Figure 9. Contact hypersensitivity in heterozygous Stat5ab and Stat3 knockout mice

1. A. A significant reduction of ear swelling was observed in heterozygous Stat5ab^KO, but not Stat3^KO mice following local application of DNFB. Ear thickness was measured at 24, 48 and 72 h following DNFB treatment in mice that had been sensitized by DNFB pre-treated on the abdomen 5 days earlier (mean ± SEM; WT, N = 15; Stat5ab^KO/+, N = 13; Stat3^KO/+, N = 10; Stat5ab^KO/Stat3^KO, N = 6; *p < 0.05, **p < 0.01, ***p < 0.001).

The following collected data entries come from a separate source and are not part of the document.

Definition is_abelian (A : PreAdd) : Prop :=
  (exists Z : Ob A, is_zero_obj Z) /\
  [/\ forall X Y : Ob A, exists (S : Ob A) (i1 : Hom X S) (i2 : Hom Y S)
         (p1 : Hom S X) (p2 : Hom S Y), is_biprod i1 i2 p1 p2,
      forall (X Y : Ob A) (f : Hom X Y), exists (K : Ob A) (k : Hom K X), is_kernel k f,
      forall (X Y : Ob A) (f : Hom X Y), exists (C : Ob A) (c : Hom Y C), is_cokernel c f,
      forall (X Y : Ob A) (f : Hom X Y), is_mono f ->
         exists (Z : Ob A) (g : Hom Y Z), is_kernel f g
    & forall (X Y : Ob A) (f : Hom X Y), is_epi f ->
         exists (W : Ob A) (h : Hom W X), is_cokernel f h].

Section ExactDefs.
Context {A : PreAdd}.

Definition additive_sub (S : Ob A -> Prop) : Prop :=
  (exists Z, is_zero_obj Z /\ S Z) /\
  (forall (X Y B : Ob A) (i1 : Hom X B) (i2 : Hom Y B) (p1 : Hom B X) (p2 : Hom B Y),
      is_biprod i1 i2 p1 p2 -> S X -> S Y -> S B).

Definition ext_closed (S : Ob A -> Prop) : Prop :=
  forall (X Y Z : Ob A) (f : Hom X Y) (g : Hom Y Z), short_exact f g -> S X -> S Z -> S Y.

(* exact category = additive full subcategory of the abelian category A
   closed under extensions *)
Definition exact_cat (E : Ob A -> Prop) : Prop := additive_sub E /\ ext_closed E.

Definition conflation (E : Ob A -> Prop) (X Y Z : Ob A) : Prop :=
  [/\ E X, E Y, E Z & exists (f : Hom X Y) (g : Hom Y Z), short_exact f g].

Definition additive_map (E : Ob A -> Prop) (N : nmodType) (n : Ob A -> N) : Prop :=
  [/\ forall Z, E Z -> is_zero_obj Z -> n Z = 0,
      forall X Y, E X -> E Y -> iso X Y -> n X = n Y
    & forall X Y Z, conflation E X Y Z -> n Y = n X + n Z].

Definition monoid_morph (M N : nmodType) (phi : M -> N) : Prop :=
  phi 0 = 0 /\ forall a b, phi (a + b) = phi a + phi b.

Definition is_groth (E : Ob A -> Prop) (M : nmodType) (m : Ob A -> M) : Prop :=
  additive_map E m /\
  forall (N : nmodType) (n : Ob A -> N), additive_map E n ->
    exists phi : M -> N,
      [/\ monoid_morph phi, (forall X, E X -> phi (m X) = n X)
        & forall psi : M -> N, monoid_morph psi -> (forall X, E X -> psi (m X) = n X) ->
            forall a, psi a = phi a].

Definition is_serre (E : Ob A -> Prop) (S : Ob A -> Prop) : Prop :=
  [/\ forall X, S X -> E X,
      additive_sub S,
      forall X Y, S X -> iso X Y -> S Y
    & forall X Y Z, conflation E X Y Z -> (S Y <-> S X /\ S Z)].

Definition is_subclass (E : Ob A -> Prop) (X : Ob A -> Prop) : Prop :=
  (forall Y, X Y -> E Y) /\ (forall Y Z, X Y -> iso Y Z -> X Z).

(* Zariski closed subsets of Serre(E): V(X) = {S | S cap X = empty};
   a subset is given by a predicate C, considered only on Serre subcategories *)
Definition serre_closed (E : Ob A -> Prop) (C : (Ob A -> Prop) -> Prop) : Prop :=
  exists X, is_subclass E X /\
    forall S, is_serre E S -> (C S <-> forall Y, S Y -> ~ X Y).

Definition serre_open (E : Ob A -> Prop) (O : (Ob A -> Prop) -> Prop) : Prop :=
  serre_closed E (fun S => ~ O S).

Definition in_closure (E : Ob A -> Prop) (S T : Ob A -> Prop) : Prop :=
  forall C, serre_closed E C -> C T -> C S.

Definition Phi (M : nmodType) (m : Ob A -> M) (S : Ob A -> Prop) : M -> Prop :=
  fun a => ~ exists X, S X /\ m X = a.

End ExactDefs.

Definition is_prime (M : nmodType) (p : M -> Prop) : Prop :=
  [/\ exists a, ~ p a,
      forall x a, p x -> p (x + a)
    & forall x y, p (x + y) -> p x \/ p y].

Definition mspec_closed (M : nmodType) (C : (M -> Prop) -> Prop) : Prop :=
  exists T : M -> Prop, forall p, is_prime p -> (C p <-> forall a, T a -> p a).

(* f restricts to a homeomorphism from the subspace P (closed sets clT)
   onto the subspace Q (closed sets clU) *)
Definition homeo_on {T U : Type} (P : T -> Prop) (Q : U -> Prop)
    (clT : (T -> Prop) -> Prop) (clU : (U -> Prop) -> Prop) (f : T -> U) : Prop :=
  [/\ forall x, P x -> Q (f x),
      forall x y, P x -> P y -> f x = f y -> x = y,
      forall y, Q y -> exists x, P x /\ f x = y,
      forall C, clU C -> clT (fun x => C (f x))
    & forall C, clT C -> clU (fun y => exists x, [/\ P x, C x & f x = y])].

(* The class map m : E -> M(E) is onto, because its image is a submonoid
   through which m factors.  A Serre subcategory S is a union of fibres of m:
   its indicator X |-> [X \notin S] is additive with values in the Boolean
   monoid ({0,1}, or), so it factors through m.  Hence S is recovered from
   M_S, the complement Phi(S) of M_S is a prime ideal because classes add
   along conflations, and conversely a prime p yields the Serre subcategory
   {X | [X] \notin p}.  Under Phi, "S avoids the objects of X" becomes
   "Phi(S) contains the classes of X", so V(X) corresponds to V([X]);
   U_X is the complement of V(class of X), which gives the basis and shows
   that specialization is inclusion. *)

From HB Require Import structures.
From mathcomp Require Import all_boot all_algebra.
From mathcomp Require Import boolp.

Set Implicit Arguments.
Unset Strict Implicit.
Unset Printing Implicit Defensive.

Import GRing.Theory.
Local Open Scope ring_scope.

Definition orbool : Type := bool.
HB.instance Definition _ := Choice.on orbool.
HB.instance Definition _ :=
  GRing.isNmodule.Build orbool orbA orbC (fun b : orbool => erefl : false || b = b).

Definition submonoid (M : nmodType) (S : {pred M}) (S_closed : addr_closed S) : Type :=
  {x : M | x \in S}.
HB.instance Definition _ M S S_closed := Choice.on (@submonoid M S S_closed).
HB.instance Definition _ M S S_closed := SubType.on (@submonoid M S S_closed).
HB.instance Definition _ M S S_closed :=
  GRing.SubChoice_isSubNmodule.Build M S (@submonoid M S S_closed) S_closed.

Section PreAdditive.
Context {A : PreAdd}.

Lemma comp0f (X Y Z : Ob A) (f : Hom X Y) : comp (0 : Hom Y Z) f = 0.
Proof. by apply/(addrI (comp (0 : Hom Y Z) f)); rewrite -compDl !addr0. Qed.

Lemma compf0 (X Y Z : Ob A) (g : Hom Y Z) : comp g (0 : Hom X Y) = 0.
Proof. by apply/(addrI (comp g (0 : Hom X Y))); rewrite -compDr !addr0. Qed.

Lemma zero_obj_iso (Z Z' : Ob A) : is_zero_obj Z -> is_zero_obj Z' -> iso Z Z'.
Proof.
move=> hZ hZ'; exists 0, 0; split.
  by rewrite (proj1 (hZ Z) (comp _ _)) (proj1 (hZ Z) (idm Z)).
by rewrite (proj1 (hZ' Z') (comp _ _)) (proj1 (hZ' Z') (idm Z')).
Qed.

Lemma iso_sym (X Y : Ob A) : iso X Y -> iso Y X.
Proof. by case=> f [g [gf fg]]; exists g, f. Qed.

Lemma iso_short_exact (Z X Y : Ob A) (f : Hom X Y) (g : Hom Y X) :
  is_zero_obj Z -> comp g f = idm X -> comp f g = idm Y ->
  short_exact (0 : Hom Z X) f.
Proof.
move=> hZ gf fg; split; split; rewrite ?compf0 //.
- move=> W h fh0; exists 0; split; last by move=> u' _; apply: (proj2 (hZ W)).
  by rewrite comp0f -[h]comp1f -gf -compA fh0 compf0.
- move=> W h _; exists (comp h g); split; first by rewrite -compA gf compf1.
  by move=> u' <-; rewrite -compA fg compf1.
Qed.

Lemma biprod_short_exact (X Y B : Ob A) (i1 : Hom X B) (i2 : Hom Y B)
    (p1 : Hom B X) (p2 : Hom B Y) :
  is_biprod i1 i2 p1 p2 -> short_exact i1 p2.
Proof.
case=> p1i1 p2i2 p1i2 p2i1 split_id; split; split => //.
- move=> W h p2h; exists (comp p1 h); split; last first.
    by move=> u' <-; rewrite compA p1i1 comp1f.
  by rewrite -[h in RHS]comp1f -split_id compDl -!compA p2h compf0 addr0 compA.
- move=> W h hi1; exists (comp h i2); split; last first.
    by move=> u' <-; rewrite -compA p2i2 compf1.
  by rewrite -[h in RHS]compf1 -split_id compDr !compA hi1 comp0f add0r.
Qed.

End PreAdditive.
(* Let $n,q,m\ge1$ and let $S=\{v_1,\dots,v_m\}\subset\mathbb Z^n$ consist of distinct vectors satisfying: (1) $\sum_jn_jv_j\ne0$ for all $n_j\in\mathbb Z$ with $\sum_jn_j=0$ and $1<\sum_j|n_j|\le 2q+2$; (2) $|\sum_jn_jv_j|^2-\sum_jn_j|v_j|^2\ne0$ for all $n_j\in\mathbb Z$ with $\sum_jn_j=1$ and $1<\sum_j|n_j|\le2q+1$; (3) $\pi(u)\ne0$ whenever $u\in\mathbb Z^m$ is an element of $X_q$ or the sum or the difference of two distinct elements of $X_q$; (4) $2\sum_j\ell_j|v_j|^2+|\sum_j\ell_jv_j|^2\ne0$ for all $\ell\in X_q^{-2}$. Substitute into $H_{\rm Res}$ (restricted to $\{u_k=0,\ k\notin\mathrm{Span}(S)\}$) $u_k=z_k$ for $k\in S^c$ and $u_{v_i}=\sqrt{\xi_i+y_i}\,e^{ix_i}$, and expand in powers of $y,w$ (with $y$ of degree 2, $w=(z,\bar z)$ of degree 1, $x$ of degree 0). Then the sum of all terms of degree $\le2$ in $(y,w)$ equals $$\mathrm{const}(\xi)+(q+1)^2A_q(\xi)\Big(\sum_iy_i+\sum_{k\in S^c}|z_k|^2\Big)+N,$$ where $$N=(\omega(\xi),y)+\sum_{k\in S^c}|k|^2|z_k|^2+\mathcal Q(x,w),\qquad \omega(\xi)=\omega_0+\nabla_\xi A_{q+1}(\xi)-(q+1)^2A_q(\xi)\underline1,$$ $\omega_0=(|v_1|^2,\dots,|v_m|^2)$, $\underline1=(1,\dots,1)$, and $$\mathcal Q=\sum_{\ell\in X_q^0}c(\ell)e^{i(\ell,x)}\sum_{(h,k)\in\mathcal P_\ell}z_h\bar z_k+\sum_{\ell\in X_q^{-2}}c(\ell)\sum_{\{h,k\}\in\mathcal P_\ell}\big[e^{i(\ell,x)}z_hz_k+e^{-i(\ell,x)}\bar z_h\bar z_k\big],$$ where, writing $\ell=\ell^+-\ell^-$ with $\ell^\pm\in\mathbb N^m$ of disjoint supports and using multi-index notation, $$c(\ell)=(q+1)^2\xi^{\frac{\ell^++\ell^-}{2}}\sum_{\alpha\in\mathbb N^m,\ |\alpha+\ell^+|_1=q}\binom{q}{\ell^++\alpha}\binom{q}{\ell^-+\alpha}\xi^\alpha\quad(\ell\in X_q^0),$$ $$c(\ell)=(q+1)q\,\xi^{\frac{\ell^++\ell^-}{2}}\sum_{\alpha\in\mathbb N^m,\ |\alpha+\ell^+|_1=q-1}\binom{q+1}{\ell^-+\alpha}\binom{q-1}{\ell^++\alpha}\xi^\alpha\quad(\ell\in X_q^{-2}).$$ In particular, all terms of degree exactly $1$ in $w$ vanish (so $S$ is complete).
   Context: Setting: $H_{\rm Res}=\sum_{k\in\mathbb Z^n}|k|^2u_k\bar u_k+\sum\binom{q+1}{\alpha}\binom{q+1}{\beta}u^\alpha\bar u^\beta$, the second sum over multi-indices $\alpha,\beta:\mathbb Z^n\to\mathbb N$ with $|\alpha|=|\beta|=q+1$, $\sum_k(\alpha_k-\beta_k)k=0$ and $\sum_k(\alpha_k-\beta_k)|k|^2=0$; $\binom{q+1}{\alpha}$ is the multinomial coefficient and $u^\alpha=\prod_ku_k^{\alpha_k}$. $S^c=\mathrm{Span}(S)\setminus S$, with $\mathrm{Span}(S)$ the subgroup of $\mathbb Z^n$ generated by $S$. $A_r(\xi)=\sum_{k\in\mathbb N^m,\ \sum k_i=r}\binom{r}{k_1,\dots,k_m}^2\prod_i\xi_i^{k_i}$. $e_1,\dots,e_m$ standard basis of $\mathbb Z^m$; $\eta(\sum a_ie_i)=\sum a_i$; $\pi:\mathbb Z^m\to\mathbb Z^n$, $\pi(e_i)=v_i$. $X_q$ is the set of $\ell=\sum_{j=1}^{2q}\epsilon_je_{i_j}$ ($\epsilon_j=\pm1$, repetitions allowed) with $\ell\ne0$, $\ell\ne-2e_i$ for all $i$, $\eta(\ell)\in\{0,-2\}$; $X_q^0$, $X_q^{-2}$ are the parts with $\eta=0$, $\eta=-2$. For $\ell\in X_q^0$, $\mathcal P_\ell$ is the set of ordered pairs $(h,k)\in S^c\times S^c$ with $\sum_j\ell_jv_j+h-k=0$ and $\sum_j\ell_j|v_j|^2+|h|^2-|k|^2=0$; for $\ell\in X_q^{-2}$, $\mathcal P_\ell$ is the set of unordered pairs $\{h,k\}\subset S^c$ with $\sum_j\ell_jv_j+h+k=0$ and $\sum_j\ell_j|v_j|^2+|h|^2+|k|^2=0$. Here $\xi_i>0$ are parameters, $x\in\mathbb T^m$, $y\in\mathbb C^m$ small. *)

From HB Require Import structures.
From mathcomp Require Import all_boot all_order all_algebra.
Set Implicit Arguments. Unset Strict Implicit. Unset Printing Implicit Defensive.
Import Order.TTheory GRing.Theory Num.Theory.
Local Open Scope ring_scope.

2. B–D. Significant reduction in peripheral blood (C) CD8+, but not (D) CD4+ T cells or (B) total white blood cells (mean ± SEM; WT, N = 9; Stat5ab^KO/+, N = 9; Stat3^KO/+, N = 7; Stat5ab^KO/Stat3^KO, N = 6; *p < 0.05, **p < 0.01, ***p < 0.001).

Figure 10. Contact hypersensitivity and metabolic parameters in Dp11(1)/+; Stat5ab ^KO /+ double mutant mice

1. A,B. The significant (A) increase in total white blood cells and (B) decrease in baseline glucose seen in Dp11(1)/+ mice compared to WT mice was reversed in Dp11(1)/+;Stat5ab^KO/+ double mutant littermates (Dp11(1), N = 7; Dp11(1)/Stat5ab, N = 9; WT, N = 10; Stat5ab, N = 8).

2. C. The trend for increased glucose tolerance seen in Dp11(1)/+ mice compared to WT mice was reversed in Dp11(1)/+;Stat5ab^KO/+ double mutant littermates (Dp11(1), N = 7; Dp11(1)/Stat5ab, N = 9; WT, N = 14; Stat5ab, N = 7; mean ± SEM, *p < 0.05, **p < 0.01, ***p < 0.001).